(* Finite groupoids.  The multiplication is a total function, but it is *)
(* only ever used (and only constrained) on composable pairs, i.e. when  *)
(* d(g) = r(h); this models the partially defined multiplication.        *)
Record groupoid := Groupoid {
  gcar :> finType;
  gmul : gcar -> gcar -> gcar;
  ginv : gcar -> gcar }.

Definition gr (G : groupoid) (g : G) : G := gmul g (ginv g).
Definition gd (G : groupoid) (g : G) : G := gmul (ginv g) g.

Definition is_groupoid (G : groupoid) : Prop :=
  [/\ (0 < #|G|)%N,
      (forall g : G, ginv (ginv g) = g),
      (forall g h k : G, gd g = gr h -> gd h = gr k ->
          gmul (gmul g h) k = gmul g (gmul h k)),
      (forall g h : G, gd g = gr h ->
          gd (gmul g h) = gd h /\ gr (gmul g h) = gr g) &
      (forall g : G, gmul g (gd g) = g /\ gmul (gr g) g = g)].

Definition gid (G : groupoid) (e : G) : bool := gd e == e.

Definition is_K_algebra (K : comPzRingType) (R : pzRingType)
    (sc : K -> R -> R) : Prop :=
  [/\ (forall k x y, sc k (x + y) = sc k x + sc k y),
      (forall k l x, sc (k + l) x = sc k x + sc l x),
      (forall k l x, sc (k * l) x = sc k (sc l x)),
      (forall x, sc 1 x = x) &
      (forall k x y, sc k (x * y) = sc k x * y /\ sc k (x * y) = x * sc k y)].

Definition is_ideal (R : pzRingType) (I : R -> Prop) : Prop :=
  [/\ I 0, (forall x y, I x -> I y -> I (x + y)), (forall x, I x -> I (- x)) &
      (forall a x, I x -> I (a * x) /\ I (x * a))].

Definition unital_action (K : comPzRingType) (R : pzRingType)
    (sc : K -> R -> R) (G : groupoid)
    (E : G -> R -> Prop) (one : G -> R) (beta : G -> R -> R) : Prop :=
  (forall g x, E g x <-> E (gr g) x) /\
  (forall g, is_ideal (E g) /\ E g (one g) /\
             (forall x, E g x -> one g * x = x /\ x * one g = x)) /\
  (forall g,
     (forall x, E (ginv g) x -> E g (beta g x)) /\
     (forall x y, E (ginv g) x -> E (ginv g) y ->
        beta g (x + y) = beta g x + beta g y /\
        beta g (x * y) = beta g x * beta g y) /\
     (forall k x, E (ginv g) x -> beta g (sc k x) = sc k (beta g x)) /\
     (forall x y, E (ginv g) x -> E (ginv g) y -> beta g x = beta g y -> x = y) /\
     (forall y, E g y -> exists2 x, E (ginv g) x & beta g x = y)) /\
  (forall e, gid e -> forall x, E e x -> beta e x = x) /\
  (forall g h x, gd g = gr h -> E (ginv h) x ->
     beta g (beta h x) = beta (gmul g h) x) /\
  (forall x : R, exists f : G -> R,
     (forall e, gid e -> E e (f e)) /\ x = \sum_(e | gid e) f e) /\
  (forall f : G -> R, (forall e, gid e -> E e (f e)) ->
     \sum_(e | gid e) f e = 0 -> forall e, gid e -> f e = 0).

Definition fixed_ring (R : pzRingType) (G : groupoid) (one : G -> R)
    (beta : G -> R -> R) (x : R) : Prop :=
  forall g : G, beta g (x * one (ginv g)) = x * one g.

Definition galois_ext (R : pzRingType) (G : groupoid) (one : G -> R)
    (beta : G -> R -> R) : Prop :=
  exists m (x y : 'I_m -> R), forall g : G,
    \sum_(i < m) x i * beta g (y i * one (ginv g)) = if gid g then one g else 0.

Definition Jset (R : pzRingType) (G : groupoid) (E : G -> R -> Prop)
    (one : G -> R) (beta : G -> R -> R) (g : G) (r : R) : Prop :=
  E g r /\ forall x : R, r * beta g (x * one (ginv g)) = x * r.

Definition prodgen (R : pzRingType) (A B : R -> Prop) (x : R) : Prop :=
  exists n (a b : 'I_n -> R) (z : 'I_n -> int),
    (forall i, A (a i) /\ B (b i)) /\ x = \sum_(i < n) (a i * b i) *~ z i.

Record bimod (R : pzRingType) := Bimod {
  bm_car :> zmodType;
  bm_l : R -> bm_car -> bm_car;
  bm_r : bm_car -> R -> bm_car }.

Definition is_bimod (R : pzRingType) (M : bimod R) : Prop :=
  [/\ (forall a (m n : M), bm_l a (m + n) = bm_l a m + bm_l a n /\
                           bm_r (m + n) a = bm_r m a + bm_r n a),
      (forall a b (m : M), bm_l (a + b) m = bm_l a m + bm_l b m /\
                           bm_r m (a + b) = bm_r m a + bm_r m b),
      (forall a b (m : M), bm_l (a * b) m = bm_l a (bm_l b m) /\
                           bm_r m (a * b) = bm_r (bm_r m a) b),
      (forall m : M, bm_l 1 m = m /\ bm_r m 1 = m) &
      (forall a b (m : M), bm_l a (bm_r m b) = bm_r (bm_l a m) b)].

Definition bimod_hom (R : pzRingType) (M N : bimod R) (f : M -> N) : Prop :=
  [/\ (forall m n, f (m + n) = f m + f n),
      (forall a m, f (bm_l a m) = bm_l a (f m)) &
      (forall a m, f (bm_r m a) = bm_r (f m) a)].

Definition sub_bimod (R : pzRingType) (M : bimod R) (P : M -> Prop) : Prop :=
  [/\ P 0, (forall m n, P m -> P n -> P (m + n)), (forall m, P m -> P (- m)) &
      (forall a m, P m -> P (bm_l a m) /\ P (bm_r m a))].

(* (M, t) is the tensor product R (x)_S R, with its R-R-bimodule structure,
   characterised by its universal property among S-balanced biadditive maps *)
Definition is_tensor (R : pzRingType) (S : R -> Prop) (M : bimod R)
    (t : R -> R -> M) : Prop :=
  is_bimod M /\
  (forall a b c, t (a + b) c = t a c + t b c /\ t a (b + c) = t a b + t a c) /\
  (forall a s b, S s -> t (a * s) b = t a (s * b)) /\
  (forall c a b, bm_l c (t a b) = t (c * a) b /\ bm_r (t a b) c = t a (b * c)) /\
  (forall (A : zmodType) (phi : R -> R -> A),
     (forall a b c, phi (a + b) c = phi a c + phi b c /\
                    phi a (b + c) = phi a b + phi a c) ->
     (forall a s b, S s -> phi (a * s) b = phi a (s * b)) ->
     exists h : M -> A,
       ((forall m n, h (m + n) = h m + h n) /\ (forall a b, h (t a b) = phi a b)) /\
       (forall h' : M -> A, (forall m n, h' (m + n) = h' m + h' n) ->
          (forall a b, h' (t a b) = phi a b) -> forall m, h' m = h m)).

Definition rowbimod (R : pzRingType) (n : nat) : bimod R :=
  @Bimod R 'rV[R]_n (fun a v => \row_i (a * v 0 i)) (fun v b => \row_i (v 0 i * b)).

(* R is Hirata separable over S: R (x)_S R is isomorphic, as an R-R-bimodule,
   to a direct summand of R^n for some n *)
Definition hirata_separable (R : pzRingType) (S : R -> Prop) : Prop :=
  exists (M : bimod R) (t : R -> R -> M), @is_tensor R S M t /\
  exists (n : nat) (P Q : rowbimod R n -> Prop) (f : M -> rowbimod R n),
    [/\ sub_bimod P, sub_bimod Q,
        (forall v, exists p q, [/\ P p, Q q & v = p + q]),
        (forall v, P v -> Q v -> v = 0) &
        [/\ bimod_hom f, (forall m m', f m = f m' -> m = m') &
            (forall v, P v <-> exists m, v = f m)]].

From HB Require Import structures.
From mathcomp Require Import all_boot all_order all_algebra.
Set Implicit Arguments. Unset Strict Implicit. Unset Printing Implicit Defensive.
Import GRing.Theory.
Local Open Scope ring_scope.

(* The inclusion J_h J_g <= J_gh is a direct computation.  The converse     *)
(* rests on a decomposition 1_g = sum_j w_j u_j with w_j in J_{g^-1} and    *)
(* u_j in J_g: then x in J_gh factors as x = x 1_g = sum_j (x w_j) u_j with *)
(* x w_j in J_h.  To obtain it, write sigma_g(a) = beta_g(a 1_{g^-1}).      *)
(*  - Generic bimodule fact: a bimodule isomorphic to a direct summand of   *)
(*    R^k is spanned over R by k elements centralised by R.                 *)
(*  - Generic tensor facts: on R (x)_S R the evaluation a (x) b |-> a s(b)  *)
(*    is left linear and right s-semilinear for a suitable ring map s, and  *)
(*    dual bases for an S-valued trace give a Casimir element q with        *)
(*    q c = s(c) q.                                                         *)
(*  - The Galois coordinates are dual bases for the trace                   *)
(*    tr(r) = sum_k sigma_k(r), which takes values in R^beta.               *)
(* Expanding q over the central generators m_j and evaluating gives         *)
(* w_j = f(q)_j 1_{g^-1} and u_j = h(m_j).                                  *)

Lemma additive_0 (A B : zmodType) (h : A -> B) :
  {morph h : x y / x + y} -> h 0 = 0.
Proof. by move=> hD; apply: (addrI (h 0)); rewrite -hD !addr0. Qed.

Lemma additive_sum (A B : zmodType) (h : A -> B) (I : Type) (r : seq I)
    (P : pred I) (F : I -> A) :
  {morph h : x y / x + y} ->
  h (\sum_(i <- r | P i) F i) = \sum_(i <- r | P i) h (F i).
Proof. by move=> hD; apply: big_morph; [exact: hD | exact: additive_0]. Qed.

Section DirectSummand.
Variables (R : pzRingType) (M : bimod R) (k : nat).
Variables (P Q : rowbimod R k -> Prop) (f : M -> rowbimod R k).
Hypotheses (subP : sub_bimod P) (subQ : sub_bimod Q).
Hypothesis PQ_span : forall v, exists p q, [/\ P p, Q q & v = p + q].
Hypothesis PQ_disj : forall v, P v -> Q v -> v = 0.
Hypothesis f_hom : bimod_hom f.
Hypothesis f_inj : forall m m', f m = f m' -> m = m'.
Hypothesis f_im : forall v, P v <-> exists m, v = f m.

....

» **EXERCISE OBJECTIVE**
Return, please, every line from the one that contains "Hypothesis PQ_span : forall" through the final line of the listing, exactly, and no others.

» **OUTPUT**
Hypothesis PQ_span : forall v, exists p q, [/\ P p, Q q & v = p + q].
Hypothesis PQ_disj : forall v, P v -> Q v -> v = 0.
Hypothesis f_hom : bimod_hom f.
Hypothesis f_inj : forall m m', f m = f m' -> m = m'.
Hypothesis f_im : forall v, P v <-> exists m, v = f m.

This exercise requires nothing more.